Transfer REDCap data to a database and use in R without exceeding available memory. Compatible with all databases but specifically optimized for DuckDB—a fast and portable SQL engine with first-class integration in R/Posit products.
Motivation
R objects live entirely in memory, causing three problems if not using a specialized framework:
- You must load full datasets even if you only need a subset
- Unused objects still consume memory
- Large datasets can easily exceed available memory
redquack’s solution to this problem is to:
- Request all of the REDCap record IDs to sequence in chunks
- Process each chunk of the REDCap data in one R object at a time
- Remove each object from memory after it has been transferred to the database
Features
- Auto-resume from incomplete transfers
- Auto-retry for API request failures
- Auto-convert data types for DuckDB
- Timestamped operation logs
- Status messages and progress bar
- Sound notifications (🔊 🦆)
Installation
From CRAN:
# install.packages("pak")
pak::pak("redquack")
Development version:
pak::pak("dylanpieper/redquack")
These packages are used in the examples and are not imported by redquack:
Setup API Token
Your REDCap API token allows R to interface with REDCap and should be stored securely. I recommend using the keyring package to store your API token. For example:
keyring::key_set("redcap_token")
Basic Usage
Data from REDCap is transferred to a database via a DBI connection in chunks of record IDs:
library(redquack)
duckdb <- DBI::dbConnect(duckdb::duckdb(), "redcap.duckdb")
result <- redcap_to_db(
conn = duckdb,
redcap_uri = "https://redcap.example.org/api/",
token = keyring::key_get("redcap_token"),
record_id_name = "record_id",
chunk_size = 1000
# Increase chunk size for memory-efficient systems (faster)
# Decrease chunk size for memory-constrained systems (slower)
)
The function returns a list with class redcap_transfer_result
:
-
success
: Logical if the transfer was completed with no failed processing -
error_chunks
: Vector of chunk numbers that failed processing -
time_s
: Numeric value for total seconds to transfer and optimize data
Database Structure
The database created by redcap_to_db()
contains two tables:
-
data
: Contains all exported REDCap records with optimized column typesdata <- DBI::dbGetQuery(duckdb, "SELECT * FROM data LIMIT 1000")
-
log
: Contains timestamped logs of the transfer process for troubleshootinglog <- DBI::dbGetQuery(duckdb, "SELECT * FROM log")
Data Types
Data is imported as VARCHAR/TEXT for consistent handling across chunks.

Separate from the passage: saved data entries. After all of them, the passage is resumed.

Lemma relc0m (A B C : finType) (v : {set B * C}) : relc (set0 : {set A * B}) v = set0.
Proof. by apply/setP => -[a c]; rewrite in_set0; apply/relcP => -[b []]; rewrite in_set0. Qed.

Lemma relcm0 (A B C : finType) (u : {set A * B}) : relc u (set0 : {set B * C}) = set0.
Proof. by apply/setP => -[a c]; rewrite in_set0; apply/relcP => -[b []]; rewrite in_set0. Qed.

Lemma rel_neq0 (A B : finType) (m : {set A * B}) a b : (a, b) \in m -> m != set0.
Proof. by move=> ab; apply/set0Pn; exists (a, b). Qed.

Definition pw (Q : finType) (m : {set Q * Q}) k := iter k (relc m) (idrel Q).

Section Powers.
Variables (Q : finType) (m : {set Q * Q}).

Lemma pwS k : pw m k.+1 = relc m (pw m k). Proof. by []. Qed.

Lemma pwD i j : pw m (i + j) = relc (pw m i) (pw m j).
Proof. by elim: i => [|i IH]; rewrite ?relc1m // addSn !pwS IH relcA. Qed.

Lemma pwSr k : pw m k.+1 = relc (pw m k) m.
Proof. by rewrite -addn1 pwD /= relcm1. Qed.

Lemma pw_left (e : {set Q * Q}) k : relc e m = m -> relc e (pw m k.+1) = pw m k.+1.
Proof. by move=> em; rewrite pwS -relcA em. Qed.

Lemma pw_right (e : {set Q * Q}) k : relc m e = m -> relc (pw m k.+1) e = pw m k.+1.
Proof. by move=> me; rewrite pwSr relcA me. Qed.

Lemma pw_loop c k : (c, c) \in m -> (c, c) \in pw m k.
Proof.
move=> cc; elim: k => [|k IH]; first by rewrite inE.
by rewrite pwS; apply/relcP; exists c.
Qed.

End Powers.

Lemma nat_pigeonhole (T : finType) (f : nat -> T) : exists i j, i < j /\ f i = f j.
Proof.
pose g (i : 'I_#|T|.+1) := f i.
have /injectivePn[i [j neq_ij eq_ij]] : ~~ injectiveb g.
  by apply/injectiveP => /leq_card; rewrite card_ord ltnn.
case: (ltngtP i j) => [lt_ij|lt_ji|/val_inj eq]; [by exists i, j|by exists j, i|].
by rewrite eq eqxx in neq_ij.
Qed.

(* Some positive power of any relation is idempotent: the powers are
   eventually periodic, and a multiple of the period beyond the preperiod
   gives an idempotent. *)
Lemma pw_idem (Q : finType) (m : {set Q * Q}) :
  exists k, relc (pw m k.+1) (pw m k.+1) = pw m k.+1.
Proof.
have [i [j [lt_ij eq_ij]]] := nat_pigeonhole (fun i => pw m i.+1).
set p := j - i; have p_gt0 : 0 < p by rewrite subn_gt0.
have period a : i < a -> pw m (a + p) = pw m a.
  move=> lt_ia; have -> : a + p = (a - i.+1) + j.+1 by rewrite /p; lia.
  by rewrite pwD -eq_ij -pwD; congr pw; lia.
have periodM a t : i < a -> pw m (a + t * p) = pw m a.
  move=> lt_ia; elim: t => [|t IH]; first by rewrite addn0.
  have -> : a + t.+1 * p = a + t * p + p by rewrite mulSn; lia.
  by rewrite period // ltn_addr.
exists (i.+1 * p).-1; rewrite prednK ?muln_gt0 // -pwD periodM //; nia.
Qed.

(* Boolean rank: upper bounds by factorisation, lower bounds by fooling sets. *)
Section Rank.
Variable Q : finType.
Implicit Types m : {set Q * Q}.

Lemma rank_min m k : rank_le m k -> rank m <= k.
Proof. by rewrite /rank; case: ex_minnP => n _; apply. Qed.

Lemma rank_leP m : rank_le m (rank m).
Proof. by rewrite /rank; case: ex_minnP. Qed.

Lemma rank_factor (I : finType) (u : {set Q * I}) (v : {set I * Q}) (J : {set I}) :
  (forall p i, (p, i) \in u -> i \in J) -> rank (relc u v) <= #|J|.
Proof.
move=> uJ; apply: rank_min; apply/existsP.
exists [set x : Q * 'I_#|J| | (x.1, enum_val x.2) \in u]; apply/existsP.
exists [set x : 'I_#|J| * Q | (enum_val x.1, x.2) \in v].
apply/eqP/setP => [[p q]]; apply/relcP/relcP; last first.
  by move=> [k]; rewrite !inE /= => -[pk kq]; exists (enum_val k).
move=> [i [pi iq]]; have iJ := uJ _ _ pi.
by exists (enum_rank_in iJ i); rewrite !inE /= enum_rankK_in.
Qed.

For DuckDB, data types are automatically optimized after transfer to improve query performance:
- INTEGER: Columns with only whole numbers
- DOUBLE: Columns with decimal numbers
- DATE: Columns with valid dates
- TIMESTAMP: Columns with valid timestamps
- VARCHAR/TEXT: All other columns remain as strings
In DuckDB, you can query the data to inspect the data types:
DBI::dbGetQuery(duckdb, "PRAGMA table_info(data)")
You can also automatically convert data types in R using readr:
readr::type_convert(data)
To optimize query performance with other databases, you must alter the data table manually.
Data Manipulation
Query and collect the data with dplyr:
library(dplyr)
demographics <- tbl(duckdb, "data") |>
filter(is.na(redcap_repeat_instrument)) |>
select(record_id, age, race, sex, gender) |>
collect()
If you collect()
your data into memory in the last step, it can make a slow process nearly instantaneous. The following example data is 2,825,092 rows x 397 columns:
system.time(
records <- duckdb |>
tbl("data") |>
collect() |>
group_by(redcap_repeat_instrument) |>
summarize(count = n()) |>
arrange(desc(count))
)
#> user system elapsed
#> 5.048 5.006 6.077
system.time(
records <- duckdb |>
tbl("data") |>
group_by(redcap_repeat_instrument) |>
summarize(count = n()) |>
arrange(desc(count)) |>
collect()
)
#> user system elapsed
#> 0.040 0.015 0.040
You can also write a Parquet file directly from DuckDB and use arrow. A Parquet file will be about 5 times smaller than a DuckDB file:
DBI::dbExecute(duckdb, "COPY (SELECT * FROM data) TO 'redcap.parquet' (FORMAT PARQUET)")
Remember to close the connection when finished:
DBI::dbDisconnect(duckdb)
Collaboration Opportunities
While this package is only optimized for DuckDB, I invite collaborators to help optimize it for other databases. The pathway I suggest right now is to target your edits in R/optimize_data_types.R
. Feel free to submit a PR and share any other ideas you may have.
Other REDCap Interfaces
REDCapR (R package)
REDCapTidieR (R package)
tidyREDCap (R package)
redcapAPI (R package; includes a package comparison table)
REDCapSync (R package; in development)
PyCap (python module)